In September 1975, the Battalion was redesignated as 3d Combat Engineer Battalion.

3d CEB provided three companies to Operations Desert Shield/Desert Storm between August 1990 and March 1991. "Alpha" Company deployed from Marine Corps Base Hawaii with the 1st Marine Expeditionary Brigade, "Bravo" Company deployed via amphibious shipping 15 August 1990 from Okinawa,
and "Charlie" Company landed in Saudi Arabia five days before the air war began. The Marines from 3d CEB participated in breaching operations with "Task Force Grizzly" and "Task Force Papa Bear." Once in country, Alpha Co, 3rd CEB was soon assigned to 1st CEB and was referred to as "Alpha 3rd", to distinguish them from Alpha Company, 1st CEB. One platoon from Bravo Company, 3rd CEB, 3rd Mar Div, Okinawa, arrived in country via amphibious shipping and was added to "Alpha 3rd'" to become the company's 3rd platoon. 1st CEB supported Taskforce Ripper, [the lead element of 1st Mar Div during Desert Storm]. "Alpha 3rd'", was designated an Obstacle Clearing Detachment and was assigned to operate along with 1st Battalion 5th Marines, Company A, 3rd Assault Amphibian Battalion and Company A 1st Tank Battalion as the lead element of Task Force Ripper to breach minefields.
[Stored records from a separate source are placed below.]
(* The set $\{\mathcal A_p\mid p \text{ a prime number}\}$, the variety $\mathcal{SL}$ and the variety $\mathcal{ZM}$ are each definable in $\mathbf{Com}$.
   Context: $\mathbf{Com}$ denotes the lattice of all commutative semigroup varieties with join $\vee$ and meet $\wedge$; a subset (or element) of a lattice $L$ is definable in $L$ if it is the set of elements satisfying some first-order formula with one free variable in the language $\{\vee,\wedge\}$. $\operatorname{var}\Sigma$ denotes the variety defined by identities $\Sigma$; $w=0$ (with $x$ not occurring in $w$) stands for $wx=xw=w$. $\mathcal A_n=\operatorname{var}\{x^ny=y,\ xy=yx\}$, $\mathcal{SL}=\operatorname{var}\{x^2=x,\ xy=yx\}$ (semilattices), $\mathcal{ZM}=\operatorname{var}\{xy=0\}$ (null semigroups). *)

From mathcomp Require Import all_boot.
Set Implicit Arguments. Unset Strict Implicit. Unset Printing Implicit Defensive.

Record comSemigroup := ComSemigroup {
  csg_car :> Type;
  csg_op : csg_car -> csg_car -> csg_car;
  csg_opA : forall x y z, csg_op x (csg_op y z) = csg_op (csg_op x y) z;
  csg_opC : forall x y, csg_op x y = csg_op y x }.

(** * Semigroup words over the countable alphabet of letters [nat].
    A (nonempty) word x_{i0} x_{i1} ... x_{ik} is the pair (i0, [:: i1; ...; ik]). *)
Definition word := (nat * seq nat)%type.
Definition identity := (word * word)%type.

Definition weval (S : comSemigroup) (v : nat -> S) (w : word) : S :=
  foldl (fun a i => csg_op a (v i)) (v w.1) w.2.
Alpha Company 3rd' performed one minefield breach on the 1st mine field belt, and one breach on the second minefield breach which was defended by the Iraqi forces. "Alpha Company '3rd" also supplied a squad of engineers to conduct breaching operations for Task Force Shepard.

In 1995, 3d CEB was deactivated. Their numbers were dispersed to other combat engineers units throughout the Marine Corps. The battalion was renamed Combat Engineer Company and was folded into Combat Assault Battalion of the 3rd Marine Division.
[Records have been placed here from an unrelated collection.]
Lemma low_degree_vertices_contains_B (R : realType) (T : finType) (g : rel T)
    p q (eta : R) :
  simple_graph g -> (0 < p)%N -> 0 < eta < 1 -> q%:R + 10 < eta ^+ 3 * #|T|%:R ->
  (p%:R - 1) / p%:R * #|T|%:R ^+ 2 - 7 * #|T|%:R <= (degsum g setT)%:R :> R ->
  eta * #|T|%:R <
    #|[set v | (deg g v)%:R <= ((p%:R - 1) / p%:R - 5 * eta) * #|T|%:R]|%:R ->
  contains_subgraph (@B_adj p q) g.
Proof.
set n := #|T|%:R; set a := (p%:R - 1) / p%:R; set S := [set v | _].
move=> g_simple p_gt0 /andP [eta_gt0 eta_lt1] large_n dense large_S.
have eta_n_ge0 : 0 <= eta * n by rewrite mulr_ge0 // ltW.
pose k := (Num.truncn (eta * n)).+1.
have k_gt : eta * n < k%:R := truncnS_gt _.
have k_le : k%:R <= eta * n + 1 by rewrite -natr1 lerD2r truncn_le.
have [S' sS'S cardS'] : exists2 S' : {set T}, S' \subset S & #|S'| = k.
  by apply: exists_subset_card; rewrite truncn_lt_nat.
have k_len : k%:R <= n by rewrite -cardS' ler_nat max_card.
have deg_S' : (\sum_(v in S') deg_in g setT v)%:R <= k%:R * ((a - 5 * eta) * n).
  rewrite natr_sum -cardS' mulr_natl -sumr_const; apply: ler_sum => v /(subsetP sS'S).
  by rewrite inE deg_in_setT.
have degsum_compl : (degsum g setT)%:R <=
    (degsum g (~: S'))%:R + 2 * k%:R * ((a - 5 * eta) * n) :> R.
  have := degsum_setD g_simple setT S'.
  by rewrite setTD setTI -(ler_nat R) natrD natrM; lra.
have card_compl : #|~: S'|%:R = n - k%:R.
  by rewrite -cardS' /n -(cardsC S') natrD; lra.
apply: (potential_large_contains_B g_simple (x := n) (U := ~: S') p_gt0 eta_gt0).
- rewrite -(pmulr_rgt0 _ (exprn_gt0 3 eta_gt0)); apply: le_lt_trans large_n.
  by rewrite addr_ge0.
- have : 0 <= q%:R :> R := ler0n R q.
  lra.
rewrite /potential natrM -[#|~: S'|.+1%:R]natr1 card_compl.
apply: (deletion_potential_bound _ _ _ k_len _ dense degsum_compl).
- have p_pos : 0 < p%:R :> R by rewrite ltr0n.
  by rewrite divr_ge0 ?subr_ge0 ?ler1n // ler_pdivrMr // mul1r /=; lra.
- by rewrite eta_gt0.
- by rewrite k_gt.
- by apply: le_lt_trans large_n; rewrite lerDr.
Qed.

Lemma calG_degsum_ge (R : realType) n p q (G : rel 'I_n) :
  (3 <= p)%N -> (0 < q)%N -> (2 * p <= n)%N -> in_calG p q G ->
  (p%:R - 1) / p%:R * n%:R ^+ 2 - 7 * n%:R <= (degsum G setT)%:R :> R.
Proof.
move=> p_ge3 q_gt0 n_ge [[G_simple _] G_max].
have F_admissible : admissible p q (pentagon_blowup n p).
  split; first exact: pentagon_blowup_simple.
  by split; [exact: pentagon_blowup_not_colorable | exact: pentagon_blowup_B_free].
have := G_max _ F_admissible; rewrite -leq_double (handshake G_simple) => dense_G.
have := leq_trans (pentagon_blowup_edges n p_ge3) (leq_add dense_G (leqnn _)).
rewrite -(ler_nat R) natrD !natrM natrD => dense_n.
have p_pos : 0 < p%:R :> R by rewrite ltr0n; lia.
have div_le : n%:R * (n %/ p)%:R <= n%:R ^+ 2 / p%:R :> R.
  by rewrite expr2 -mulrA ler_wpM2l // ler_pdivlMr // -natrM ler_nat leq_divM.
have -> : (p%:R - 1) / p%:R * n%:R ^+ 2 = n%:R ^+ 2 - n%:R ^+ 2 / p%:R :> R.
  by field; rewrite lt0r_neq0.
move: dense_n; rewrite expr2 mulrDr; lra.
Qed.

Theorem lemma3p2 (R : realType) (p q : nat) (eta : R) :
  (3 <= p)%N -> (1 <= q)%N -> 0 < eta -> eta < 1 / (7 * (p ^ 5 * q)%:R) ->
  exists N : nat, forall (n : nat) (G : rel 'I_n), (N <= n)%N ->
    in_calG p q G ->
    (forall F : rel 'I_n, in_calG p q F -> (mindeg G <= mindeg F)%N) ->
    (#|[set v : 'I_n | (deg G v)%:R <= ((p%:R - 1) / p%:R - 5 * eta) * n%:R]|%:R
       <= eta * n%:R).
Proof.
move=> p_ge3 q_gt0 eta_gt0 eta_small.
have eta_lt1 : eta < 1.
  have pq_gt0 : (0 < 7 * (p ^ 5 * q))%N by rewrite !muln_gt0 q_gt0 andbT; lia.
  apply: lt_le_trans eta_small _.
  by rewrite -natrM ler_pdivrMr ?ltr0n // mul1r ler1n.
have eta3_gt0 : 0 < eta ^+ 3 := exprn_gt0 3 eta_gt0.
exists (maxn (2 * p) (Num.bound ((q%:R + 10) / eta ^+ 3))) => n G.
rewrite geq_max => /andP [n_ge2p n_large] G_ext _.
have [[G_simple [_ G_B_free]] _] := G_ext.
rewrite leNgt; apply/negP => large_S; apply: G_B_free.
apply: (low_degree_vertices_contains_B (eta := eta) G_simple); rewrite ?card_ord //.
- lia.
- by rewrite eta_gt0.
- rewrite -ltr_pdivrMl // mulrC; apply: lt_le_trans (archi_boundP _) _.
    by rewrite divr_ge0 ?ltW // ltr_wpDl.
  by rewrite ler_nat.
- exact: calG_degsum_ge p_ge3 q_gt0 n_ge2p G_ext.
Qed.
===Reactivation and the Global War on Terror===

Alpha Company was stood up in Twentynine Palms, California the autumn of 2007. The company, minus its 2nd Platoon, deployed to Iraq in support of Operation Iraqi Freedom and fell under the command of Regimental Combat Team 5 during 2008. The 2nd Platoon deployed at about the same time to Afghanistan in support of Operation Enduring Freedom with the 2nd Battalion, 7th Marines operating throughout Helmand and Farah Provinces.
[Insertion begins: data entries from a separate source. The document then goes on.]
(* Let $\bm{N}=(N_0,\ldots,N_{n-1},-\sum_iN_i)$ and $\bm{M}=(M_0,\ldots,M_{n-1},-\sum_iM_i)$ with all $N_i,M_i\in\mathbb{Z}_{\ge0}$ and $N_i\ge M_i$ for every $i$. Then $K_n(\bm{N})\ge K_n(\bm{M})$.
   Context: $K_n(\bm{N})$ is the number of integer vectors $(f_{ij})_{0\le i<j\le n}\in\mathbb{Z}_{\ge0}^{\binom{n+1}{2}}$ with $\sum_{j>i} f_{ij}-\sum_{k<i} f_{ki}=N_i$ for every $i\in\{0,\ldots,n\}$. *)

From mathcomp Require Import all_boot all_order all_algebra.
Set Implicit Arguments. Unset Strict Implicit. Unset Printing Implicit Defensive.
Import Order.TTheory GRing.Theory Num.Theory.

Local Open Scope ring_scope.

(* Bound on the entries of any solution: every f_ij <= sum_{k<=i} N_k
   <= sum_k |N_k|, so entries range in 'I_(kbound N).+1 without loss. *)
Definition kbound (n : nat) (N : 'I_n.+1 -> int) : nat :=
  (\sum_(k < n.+1) `|N k|)%N.

Definition is_flow (n : nat) (N : 'I_n.+1 -> int)
    (f : {ffun 'I_n.+1 * 'I_n.+1 -> 'I_(kbound N).+1}) : bool :=
  [forall i : 'I_n.+1, forall j : 'I_n.+1, (j <= i)%N ==> (nat_of_ord (f (i, j)) == 0%N)] &&
  [forall i : 'I_n.+1, (\sum_(j < n.+1 | (i < j)%N) (nat_of_ord (f (i, j)))%:Z)
             - (\sum_(k < n.+1 | (k < i)%N) (nat_of_ord (f (k, i)))%:Z) == N i].

Definition K (n : nat) (N : 'I_n.+1 -> int) : nat := #|[pred f | @is_flow n N f]|.

Definition extvec (n : nat) (N : 'I_n -> nat) : 'I_n.+1 -> int :=
  fun i => match unlift ord_max i with
           | Some i' => (N i')%:Z
           | None => - (\sum_(k < n) (N k)%:Z)
           end.

(* A flow for M plus the flow that routes the surplus N_i - M_i of every vertex
   i < n along the edge (i, n) is a flow for N, and adding a fixed flow is
   injective; hence K_n(M) <= K_n(N). *)
From mathcomp Require Import all_boot all_order all_algebra.
From mathcomp Require Import zify.
Import GRing.Theory.
Set Implicit Arguments. Unset Strict Implicit.

Local Open Scope ring_scope.

Definition net_flow (n : nat) (g : 'I_n.+1 * 'I_n.+1 -> nat) (i : 'I_n.+1) : int :=
  \sum_(j < n.+1 | (i < j)%N) (g (i, j))%:Z - \sum_(k < n.+1 | (k < i)%N) (g (k, i))%:Z.

Lemma net_flowD (n : nat) (g h : 'I_n.+1 * 'I_n.+1 -> nat) (i : 'I_n.+1) :
  net_flow (fun p => g p + h p)%N i = net_flow g i + net_flow h i.
Proof.
rewrite /net_flow; under eq_bigr do rewrite PoszD.
under [X in _ - X]eq_bigr do rewrite PoszD.
by rewrite !big_split opprD addrACA.
Qed.

Lemma eq_net_flow (n : nat) (g h : 'I_n.+1 * 'I_n.+1 -> nat) :
  g =1 h -> net_flow g =1 net_flow h.
Proof.
move=> gh i; rewrite /net_flow; under eq_bigr do rewrite gh.
by under [X in _ - X]eq_bigr do rewrite gh.
Qed.

Section AddFlow.

Variables (n : nat) (N N' : 'I_n.+1 -> int) (d : 'I_n.+1 * 'I_n.+1 -> nat).
Hypothesis d_upper : forall i j : 'I_n.+1, (j <= i)%N -> d (i, j) = 0%N.
Hypothesis net_flow_d : forall i, N' i = N i + net_flow d i.
(* Flows are encoded with entries truncated at [kbound]; this keeps the shifted
   entries inside the codomain. *)
Hypothesis kbound_d : forall p, (kbound N + d p <= kbound N')%N.

Definition add_flow (f : {ffun 'I_n.+1 * 'I_n.+1 -> 'I_(kbound N).+1}) :
    {ffun 'I_n.+1 * 'I_n.+1 -> 'I_(kbound N').+1} :=
  [ffun p => inord (f p + d p)].

Lemma add_flowE f p : nat_of_ord (add_flow f p) = (f p + d p)%N.
Proof.
by rewrite ffunE inordK // ltnS (leq_trans _ (kbound_d p)) // leq_add2r -ltnS.
Qed.

Lemma add_flow_inj : injective add_flow.
Proof.
move=> f g /ffunP fg; apply/ffunP => p; apply: val_inj.
by have /eqP := congr1 val (fg p); rewrite /= !add_flowE eqn_add2r => /eqP.
Qed.

Lemma is_flow_add f : @is_flow n N f -> @is_flow n N' (add_flow f).
Proof.
case/andP=> /forallP f_upper /forallP f_net; apply/andP; split.
  apply/forallP=> i; apply/forallP=> j; apply/implyP=> ji.
  by rewrite add_flowE d_upper // addn0; move/forallP/(_ j)/implyP: (f_upper i); apply.
apply/forallP=> i; rewrite net_flow_d -(eqP (f_net i)).
change (net_flow (fun p => nat_of_ord (add_flow f p)) i
        == net_flow (fun p => nat_of_ord (f p)) i + net_flow d i).
by rewrite -net_flowD (eq_net_flow (add_flowE f)).
Qed.

Lemma leq_K_add_flow : (K N <= K N')%N.
Proof.
rewrite /K -(card_imset _ add_flow_inj); apply/subset_leq_card/subsetP.
by move=> _ /imsetP [f f_flow ->]; rewrite inE is_flow_add.
Qed.

End AddFlow.

Lemma widen_ord_max_lift (n : nat) (i : 'I_n) : widen_ord (leqnSn n) i = lift ord_max i.
Proof. by apply: ord_inj; rewrite lift_max. Qed.

Lemma extvec_lift (n : nat) (X : 'I_n -> nat) (i : 'I_n) : extvec X (lift ord_max i) = (X i)%:Z.
Proof. by rewrite /extvec liftK. Qed.

Lemma extvec_max (n : nat) (X : 'I_n -> nat) : extvec X ord_max = - \sum_(k < n) (X k)%:Z.
Proof. by rewrite /extvec unlift_none. Qed.

Lemma kbound_extvec (n : nat) (X : 'I_n -> nat) : kbound (extvec X) = (\sum_(k < n) X k).*2.
Proof.
rewrite /kbound big_ord_recr /= extvec_max abszN -addnn; congr (_ + _).
  by apply: eq_bigr => i _; rewrite widen_ord_max_lift extvec_lift.
by rewrite -(big_morph Posz PoszD (erefl 0%:Z)).
Qed.

Definition sink_flow (n : nat) (D : 'I_n -> nat) (p : 'I_n.+1 * 'I_n.+1) : nat :=
  if p.2 == ord_max then (if unlift ord_max p.1 is Some i then D i else 0%N) else 0%N.

Lemma sink_flow_upper (n : nat) (D : 'I_n -> nat) (i j : 'I_n.+1) :
  (j <= i)%N -> sink_flow D (i, j) = 0%N.
Proof.
rewrite /sink_flow /=; case: eqP => // -> max_le_i.
have -> : i = ord_max by apply/val_inj/eqP; rewrite eqn_leq leq_ord.
by rewrite unlift_none.
Qed.

Lemma sink_flow_le (n : nat) (D : 'I_n -> nat) p : (sink_flow D p <= \sum_(k < n) D k)%N.
Proof.
rewrite /sink_flow; case: eqP => // _; case: unliftP => // i _.
by rewrite (bigD1 i) // leq_addr.
Qed.

Lemma net_flow_sink_lift (n : nat) (D : 'I_n -> nat) (i : 'I_n) :
  net_flow (sink_flow D) (lift ord_max i) = (D i)%:Z.
Proof.
rewrite /net_flow (bigD1 ord_max); last by rewrite lift_max.
rewrite {1}/sink_flow /= eqxx liftK.
rewrite big1 ?addr0 => [|j /andP [_ /negbTE j_max]]; last by rewrite /sink_flow /= j_max.
rewrite big1 ?subr0 // => k _.
by rewrite /sink_flow /= eq_sym (negbTE (neq_lift _ _)).
Qed.

Lemma net_flow_sink_max (n : nat) (D : 'I_n -> nat) :
  net_flow (sink_flow D) ord_max = - \sum_(k < n) (D k)%:Z.
Proof.
rewrite /net_flow big1 => [|j _]; last by rewrite /sink_flow /= unlift_none; case: eqP.
rewrite sub0r big_mkcond big_ord_recr /= ltnn addr0; congr (- _).
by apply: eq_bigr => k _; rewrite ltn_ord /sink_flow /= eqxx widen_ord_max_lift liftK.
Qed.

Lemma extvec_sink_flow (n : nat) (N M : 'I_n -> nat) :
  (forall i, M i <= N i)%N ->
  forall i, extvec N i = extvec M i + net_flow (sink_flow (fun k => N k - M k)%N) i.
Proof.
move=> leMN i; case: (unliftP ord_max i) => [j ->|->].
  by rewrite !extvec_lift net_flow_sink_lift -PoszD subnKC.
rewrite !extvec_max net_flow_sink_max -opprD -big_split /=; congr (- _).
by apply: eq_bigr => k _; rewrite -PoszD subnKC.
Qed.

Theorem corollary2p9 (n : nat) (N M : 'I_n -> nat) :
  (forall i : 'I_n, (M i <= N i)%N) ->
  (K (extvec M) <= K (extvec N))%N.
Proof.
move=> leMN; apply: (leq_K_add_flow (d := sink_flow (fun k => N k - M k)%N)).
- exact: sink_flow_upper.
- exact: extvec_sink_flow.
move=> p; have := sink_flow_le (fun k => N k - M k)%N p.
have sum_surplus : (\sum_(k < n) (N k - M k) + \sum_(k < n) M k = \sum_(k < n) N k)%N.
  by rewrite -big_split; apply: eq_bigr => k _ /=; rewrite subnK.
rewrite !kbound_extvec -!addnn; lia.
Qed.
Bravo Company was stood up in November 2008 with three full strength line platoons. The battalion will also have a full company to facilitate the use of the new Assault Breacher Vehicle (ABV). In April 2010 Alpha Company, along with a company-sized element from First Tank Battalion (trained as engineers), deployed as a theatre asset to Helmand Province forces as Route Clearance, in support of 3rd Battalion 7th Marines. Alpha Company was then dispatched across Helmand Province including the districts of Marjeh, Musa Qala, and the infamous battle of Sangin. In August 2011 Bravo Company deployed to Helmand Province, again, in support of 3rd Battalion 7th Marines and 2nd Battalion 4th Marines. Alpha Company deployed again in 2013 with 1st Platoon direct supporting(DS) to 2nd Battalion 8th Marines and 2nd Platoon direct supporting 3rd Battalion 4th Marines Bravo Company deployed to Afghanistan again in 2013 as a route clearance company of 3rd Combat Engineer Battalion.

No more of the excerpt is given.